Wokół targowiska kręciło się jeszcze kilku przedstawicieli lokalnego prawa, wszyscy ubrani w takie same, wysłużone stroje.
– Ciekawe, czy tylko pilnują porządku, czy pobierają jakieś dodatkowe opłaty – zadumał się Maksym.
Jego towarzysz nie był zainteresowany kontynuacją rozmowy, mruknął tylko pod nosem „Nie wiadomo” i skręcił w wybraną na chybił trafił, opustoszałą uliczkę. Odgłos kroków odbijał się echem od ścian wiekowych budynków, gdy mężczyźni skręcali w kolejne odnogi ulic. Przed ich oczyma przesuwały się rdzewiejące tablice z ich nazwami: Szpitalna, Floriańska, Świętego Tomasza, Świętego Marka, Sławkowska. Część z nich kończyła się zwieńczonymi zwojami drutu kolczastego barykadami lub wzniesionymi niezdarnie ceglanymi murami.
– W końcu rozwiązał się problem tych przeklętych gołębi – stwierdził nagle Maksym. – Ciekawe, czy były smaczne?
– Na pewno lepsze od żarcia z puszek. Jak myślisz, ile tu może żyć ludzi?
– Może kilkadziesiąt osób, może więcej. Nie mam bladego pojęcia. Teraz tego nie ocenimy, wszyscy są poza centrum na poszukiwaniu zapasów.

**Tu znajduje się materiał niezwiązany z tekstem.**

Lemma springer_reduce n (P : pred 'I_n) (u y : 'I_n -> L) (c : 'I_n -> K) :
  (forall i, P i -> u i - iota (c i) \in vball 1) ->
  (forall i, P i -> y i \in vball 0) -> (exists2 i, P i & y i \notin vball 1) ->
  \sum_(i | P i) u i * y i ^+ 2 \in vball 1 ->
  exists e, [/\ exists i, e i != 0, forall i, ~~ P i -> e i = 0
          & \sum_i c i * e i ^+ 2 = 0].
Proof.
move=> uc y_int [i0 Pi0 yi0] usum.
have residues i : exists c, if P i then y i - iota c \in vball 1 else c == 0.
  by case Pi: (P i); [apply: residue_surj; apply: y_int | exists 0].
have [e he] := fin_all_exists residues.
exists e; split.
- exists i0; apply: contraNneq yi0 => ei0.
  by have := he i0; rewrite Pi0 ei0 rmorph0 subr0.
- by move=> i /negbTE Pi; have := he i; rewrite Pi => /eqP.
apply/eqP; rewrite -iota_vmax rmorph_sum big_mkcond /=.
rewrite (eq_bigr (fun i => if P i then iota (c i * e i ^+ 2) else 0)); last first.
  by move=> i _; case: ifP (he i) => // _ /eqP->; rewrite expr0n mulr0 rmorph0.
rewrite -big_mkcond -[X in X \in _](subKr (\sum_(i | P i) u i * y i ^+ 2)).
rewrite -sumrB vballB // vball_sum // => i Pi.
by rewrite residueM ?uc // !expr2 residueM //; have := he i; rewrite Pi.
Qed.

Theorem springer n (eps : 'I_n -> bool) (u : 'I_n -> L) (c : 'I_n -> K) :
  (forall i, u i - iota (c i) \in vball 1) ->
  isotropic_fun (fun i => pi ^+ eps i * u i) ->
  exists p e, [/\ exists i, e i != 0, forall i, eps i != p -> e i = 0
            & \sum_i c i * e i ^+ 2 = 0].
Proof.
move=> uc [x [xi0 xsum]].
have u_int i : u i \in vball 0.
  by rewrite -(subrK (iota (c i)) (u i)) vballD ?iota_vring ?vmax_vring.
have [p [y [y_unit y_int ysum]]] := springer_normalize u_int xi0 xsum.
by exists p; apply: (springer_reduce (fun i _ => uc i) y_int y_unit ysum).
Qed.

Corollary springer_blocks n1 n2 (u : 'I_(n1 + n2) -> L) (c : 'I_(n1 + n2) -> K) :
  (forall i, u i - iota (c i) \in vball 1) ->
  isotropic_fun (fun i : 'I_(n1 + n2) => pi ^+ (i < n1)%N * u i) ->
  isotropic_fun (fun j => c (lshift n2 j)) \/ isotropic_fun (fun j => c (rshift n1 j)).
Proof.
move=> uc /(springer uc)[p [e [[i ei] e_supp]]].
have in_l (j : 'I_n1) : (lshift n2 j < n1)%N := ltn_ord j.
have in_r (j : 'I_n2) : (rshift n1 j < n1)%N = false by rewrite /= ltnNge leq_addr.
move: ei; rewrite -(splitK i) big_split_ord /=; case: p e_supp => e_supp.
- rewrite [X in _ + X]big1 ?addr0 => [ei esum|j _]; last first.
    by rewrite e_supp ?in_r ?expr0n ?mulr0.
  left; exists (fun j => e (lshift n2 j)); split => //.
  by case: (split i) ei => j /= ej; [exists j | rewrite e_supp ?in_r ?eqxx in ej].
rewrite [X in X + _]big1 ?add0r => [ei esum|j _]; last first.
  by rewrite e_supp ?in_l ?expr0n ?mulr0.
right; exists (fun j => e (rshift n1 j)); split => //.
by case: (split i) ei => j /= ej; [rewrite e_supp ?in_l ?eqxx in ej | exists j].
Qed.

– Tragiczne, łazić tak cały dzień w poszukiwaniu jedzenia, którym napełnisz brzuch albo opłacisz haracz dla samozwańczych strażników porządku.
– Jakoś niespecjalnie widzę różnicę pomiędzy takim modelem, a tym co było przed Dniem Sądu – zażartował Maksym. – W sumie powinieneś się cieszyć, mimo wszystko masz jakiś cel w życiu. Dziwaczny, ale i tak lepszy, niż zwykła egzystencja. Masz fart, że nie pamiętasz najgorszego, tych dni tuż po końcu wszystkiego, kiedy nie można było oddychać, bo zewsząd dochodził cię zapach gnijących trupów. Cokolwiek złego ci się przydarzy mija kilka miesięcy i znów jesteś tabula rasa, gotowy iść śladem wieży do nieba. To jest…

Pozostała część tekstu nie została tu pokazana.